* [Prompt]:
Gather all lines with "Cminus" from the records.

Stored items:
%%

(* Fix $s\in\mathbb C^n$, let $\hat y\in\hat{\mathbb Y}(s)$ and $\beta=\beta(\hat y)$. Consider the equation $B\theta=\beta+2\pi k$ in unknowns $\theta\in\mathbb R^n$ and integer vector $k\in\mathbb Z^m$. Then: (1) For $\theta\in(-\pi,\pi]^n$, $h_\theta(\hat y)\in\mathbb X(s)$ if and only if there exists $k\in\mathbb Z^m$ such that $(\theta,k)$ solves $B\theta=\beta+2\pi k$. (2) If the equation $B\theta=\beta+2\pi k$ has a solution, then there is a solution $(\theta,k)$ with $\theta\in(-\pi,\pi]^n$, and the set of all solutions $(\theta',k')\in\mathbb R^n\times\mathbb Z^m$ equals $\sigma(\theta,k):=\{(\theta+2\pi\alpha,\,k+B\alpha):\alpha\in\mathbb Z^n\}$; in particular there is at most one such equivalence class of solutions.
   Context: $G=(N,E)$ is a directed graph with nodes $N=\{0,1,\dots,n\}$ and $m=|E|$ links, whose underlying undirected graph is connected; $(i,j)\in E$ denotes a link from $i$ to $j$. Each link has impedance $z_{ij}=r_{ij}+\mathbf{i}x_{ij}$, each node $i$ shunt admittance $y_i=g_i-\mathbf{i}b_i$. The voltage $V_0$ at node 0 is given and taken as angle reference: $V_0=|V_0|$ real and positive; $v_0:=|V_0|^2$. $\mathbb X(s)$ (for $s=(s_1,\dots,s_n)\in\mathbb C^n$) is the set of $x=(S,I,V,s_0)$ with $S,I\in\mathbb C^E$, $V=(V_1,\dots,V_n)$, $s_0\in\mathbb C$ satisfying $V_i-V_j=z_{ij}I_{ij}$, $S_{ij}=V_iI_{ij}^*$ for $(i,j)\in E$, and $\sum_{k:(j,k)\in E}S_{jk}-\sum_{i:(i,j)\in E}(S_{ij}-z_{ij}|I_{ij}|^2)+y_j^*|V_j|^2=s_j$ for $j\in N$. $\hat{\mathbb Y}(s)$ is the set of real $\hat y=(P,Q,\ell,v,p_0,q_0)$ ($P,Q,\ell$ indexed by $E$, $v=(v_1,\dots,v_n)$), with $S_{ij}:=P_{ij}+\mathbf{i}Q_{ij}$ and $s_j=p_j+\mathbf{i}q_j$, satisfying $p_j=\sum_{k:(j,k)\in E}P_{jk}-\sum_{i:(i,j)\in E}(P_{ij}-r_{ij}\ell_{ij})+g_jv_j$, $q_j=\sum_{k:(j,k)\in E}Q_{jk}-\sum_{i:(i,j)\in E}(Q_{ij}-x_{ij}\ell_{ij})+b_jv_j$ for $j\in N$, and $v_j=v_i-2(r_{ij}P_{ij}+x_{ij}Q_{ij})+(r_{ij}^2+x_{ij}^2)\ell_{ij}$, $\ell_{ij}=(P_{ij}^2+Q_{ij}^2)/v_i$ for $(i,j)\in E$. $B$ is the $m\times n$ reduced incidence matrix: $B_{ei}=1$ if link $e$ leaves node $i$, $-1$ if it enters $i$, $0$ otherwise ($e\in E$, $i=1,\dots,n$). $\beta=\beta(\hat y)\in(-\pi,\pi]^m$ with $\beta_{ij}=\angle(v_i-z_{ij}^*S_{ij})$. For $\theta\in(-\pi,\pi]^n$ (and $\theta_0:=0$), $h_\theta(\hat y)=(S,I,V,s_0)$ with $S_{ij}=P_{ij}+\mathbf{i}Q_{ij}$, $I_{ij}=\sqrt{\ell_{ij}}e^{\mathbf{i}(\theta_i-\angle S_{ij})}$, $V_i=\sqrt{v_i}e^{\mathbf{i}\theta_i}$, $s_0=p_0+\mathbf{i}q_0$. *)

From Stdlib Require Import Reals ZArith List.
From Coquelicot Require Import Coquelicot.
Import ListNotations.
Set Implicit Arguments.

Notation Cx := Complex.C.
Local Open Scope R_scope.

Definition cis (t : R) : Cx := (cos t, sin t).

(* Principal argument in (-pi, pi]; convention: arg 0 = 0. *)
Definition Carg (z : Cx) : R :=
  if Req_EM_T (Cmod z) 0 then 0
  else if Rle_lt_dec 0 (Im z) then acos (Re z / Cmod z)
       else - acos (Re z / Cmod z).

(* Graph data: nodes 0..n, links indexed by e = 0..m-1, link e goes from
   node [tl e] to node [hd e]. *)

Definition is_digraph (n m : nat) (tl hd : nat -> nat) : Prop :=
  (forall e, (e < m)%nat -> (tl e <= n)%nat /\ (hd e <= n)%nat /\ tl e <> hd e) /\
  (forall e e', (e < m)%nat -> (e' < m)%nat -> tl e = tl e' -> hd e = hd e' -> e = e').

Inductive ureach (m : nat) (tl hd : nat -> nat) : nat -> Prop :=
| ureach0 : ureach m tl hd 0
| ureach_fw : forall e, (e < m)%nat -> ureach m tl hd (tl e) -> ureach m tl hd (hd e)
| ureach_bw : forall e, (e < m)%nat -> ureach m tl hd (hd e) -> ureach m tl hd (tl e).

Definition uconnected (n m : nat) (tl hd : nat -> nat) : Prop :=
  forall i, (i <= n)%nat -> ureach m tl hd i.

Definition sumR (l : list nat) (f : nat -> R) : R := fold_right (fun e a => f e + a) 0 l.
Definition sumC (l : list nat) (f : nat -> Cx) : Cx :=
  fold_right (fun e a => Cplus (f e) a) (RtoC 0) l.
Definition sumZ (l : list nat) (f : nat -> Z) : Z :=
  fold_right (fun e a => (f e + a)%Z) 0%Z l.
Definition links (m : nat) : list nat := seq 0 m.
Definition nodes1 (n : nat) : list nat := seq 1 n.

(* Reduced incidence matrix B (m x n, columns i = 1..n) *)
Definition Binc (tl hd : nat -> nat) (e i : nat) : Z :=
  if Nat.eqb (tl e) i then 1%Z else if Nat.eqb (hd e) i then (-1)%Z else 0%Z.

Definition BmulR (n : nat) (tl hd : nat -> nat) (th : nat -> R) (e : nat) : R :=
  sumR (nodes1 n) (fun i => IZR (Binc tl hd e i) * th i).
Definition BmulZ (n : nat) (tl hd : nat -> nat) (a : nat -> Z) (e : nat) : Z :=
  sumZ (nodes1 n) (fun i => (Binc tl hd e i * a i)%Z).

Definition ext0 {T} (x0 : T) (x : nat -> T) (j : nat) : T :=
  if Nat.eqb j 0 then x0 else x j.

(* link impedance z_e = r_e + i x_e, node shunt admittance y_j = g_j - i b_j *)
Definition zimp (r x : nat -> R) (e : nat) : Cx := (r e, x e).
Definition yadm (g b : nat -> R) (j : nat) : Cx := (g j, - b j).
Definition sq (z : Cx) : R := Cmod z ^ 2.

(* x = (S, I, V, s0) in X(s); V indexed by 1..n, V_0 = |V_0| = V0 *)
Definition inX (n m : nat) (tl hd : nat -> nat) (r x g b : nat -> R) (V0 : R)
  (s : nat -> Cx) (S I V : nat -> Cx) (s0 : Cx) : Prop :=
  let Vf := ext0 (RtoC V0) V in
  let z := zimp r x in
  (forall e, (e < m)%nat -> Cminus (Vf (tl e)) (Vf (hd e)) = Cmult (z e) (I e)) /\
  (forall e, (e < m)%nat -> S e = Cmult (Vf (tl e)) (Cconj (I e))) /\
  (forall j, (j <= n)%nat ->
     Cplus (Cminus (sumC (links m) (fun e => if Nat.eqb (tl e) j then S e else RtoC 0))
                   (sumC (links m) (fun e => if Nat.eqb (hd e) j
                                     then Cminus (S e) (Cmult (z e) (RtoC (sq (I e))))
                                     else RtoC 0)))
           (Cmult (Cconj (yadm g b j)) (RtoC (sq (Vf j))))
     = ext0 s0 s j).

(* yhat = (P, Q, l, v, p0, q0) in Yhat(s); v indexed by 1..n, v_0 = V0^2 *)
Definition inYhat (n m : nat) (tl hd : nat -> nat) (r x g b : nat -> R) (V0 : R)
  (s : nat -> Cx) (P Q l v : nat -> R) (p0 q0 : R) : Prop :=
  let vf := ext0 (V0 ^ 2) v in
  (forall j, (j <= n)%nat ->
     ext0 p0 (fun j => Re (s j)) j =
       sumR (links m) (fun e => if Nat.eqb (tl e) j then P e else 0)
     - sumR (links m) (fun e => if Nat.eqb (hd e) j then P e - r e * l e else 0)
     + g j * vf j) /\
  (forall j, (j <= n)%nat ->
     ext0 q0 (fun j => Im (s j)) j =
       sumR (links m) (fun e => if Nat.eqb (tl e) j then Q e else 0)
     - sumR (links m) (fun e => if Nat.eqb (hd e) j then Q e - x e * l e else 0)
     + b j * vf j) /\
  (forall e, (e < m)%nat ->
     vf (hd e) = vf (tl e) - 2 * (r e * P e + x e * Q e) + (r e ^ 2 + x e ^ 2) * l e) /\
  (forall e, (e < m)%nat -> l e = (P e ^ 2 + Q e ^ 2) / vf (tl e)).

Definition beta (tl : nat -> nat) (r x : nat -> R) (V0 : R) (P Q v : nat -> R) (e : nat) : R :=
  let vf := ext0 (V0 ^ 2) v in
  Carg (Cminus (RtoC (vf (tl e))) (Cmult (Cconj (zimp r x e)) (P e, Q e))).

(* h_theta(yhat) = (S, I, V, s0), theta_0 := 0 *)
Definition hS (P Q : nat -> R) (e : nat) : Cx := (P e, Q e).
Definition hI (tl : nat -> nat) (th : nat -> R) (P Q l : nat -> R) (e : nat) : Cx :=
  Cmult (RtoC (sqrt (l e))) (cis (ext0 0 th (tl e) - Carg (hS P Q e))).
Definition hV (th v : nat -> R) (i : nat) : Cx := Cmult (RtoC (sqrt (v i))) (cis (th i)).
Definition hs0 (p0 q0 : R) : Cx := (p0, q0).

%%

* [Answer space]:
  (forall e, (e < m)%nat -> Cminus (Vf (tl e)) (Vf (hd e)) = Cmult (z e) (I e)) /\
     Cplus (Cminus (sumC (links m) (fun e => if Nat.eqb (tl e) j then S e else RtoC 0))
                                     then Cminus (S e) (Cmult (z e) (RtoC (sq (I e))))
  Carg (Cminus (RtoC (vf (tl e))) (Cmult (Cconj (zimp r x e)) (P e, Q e))).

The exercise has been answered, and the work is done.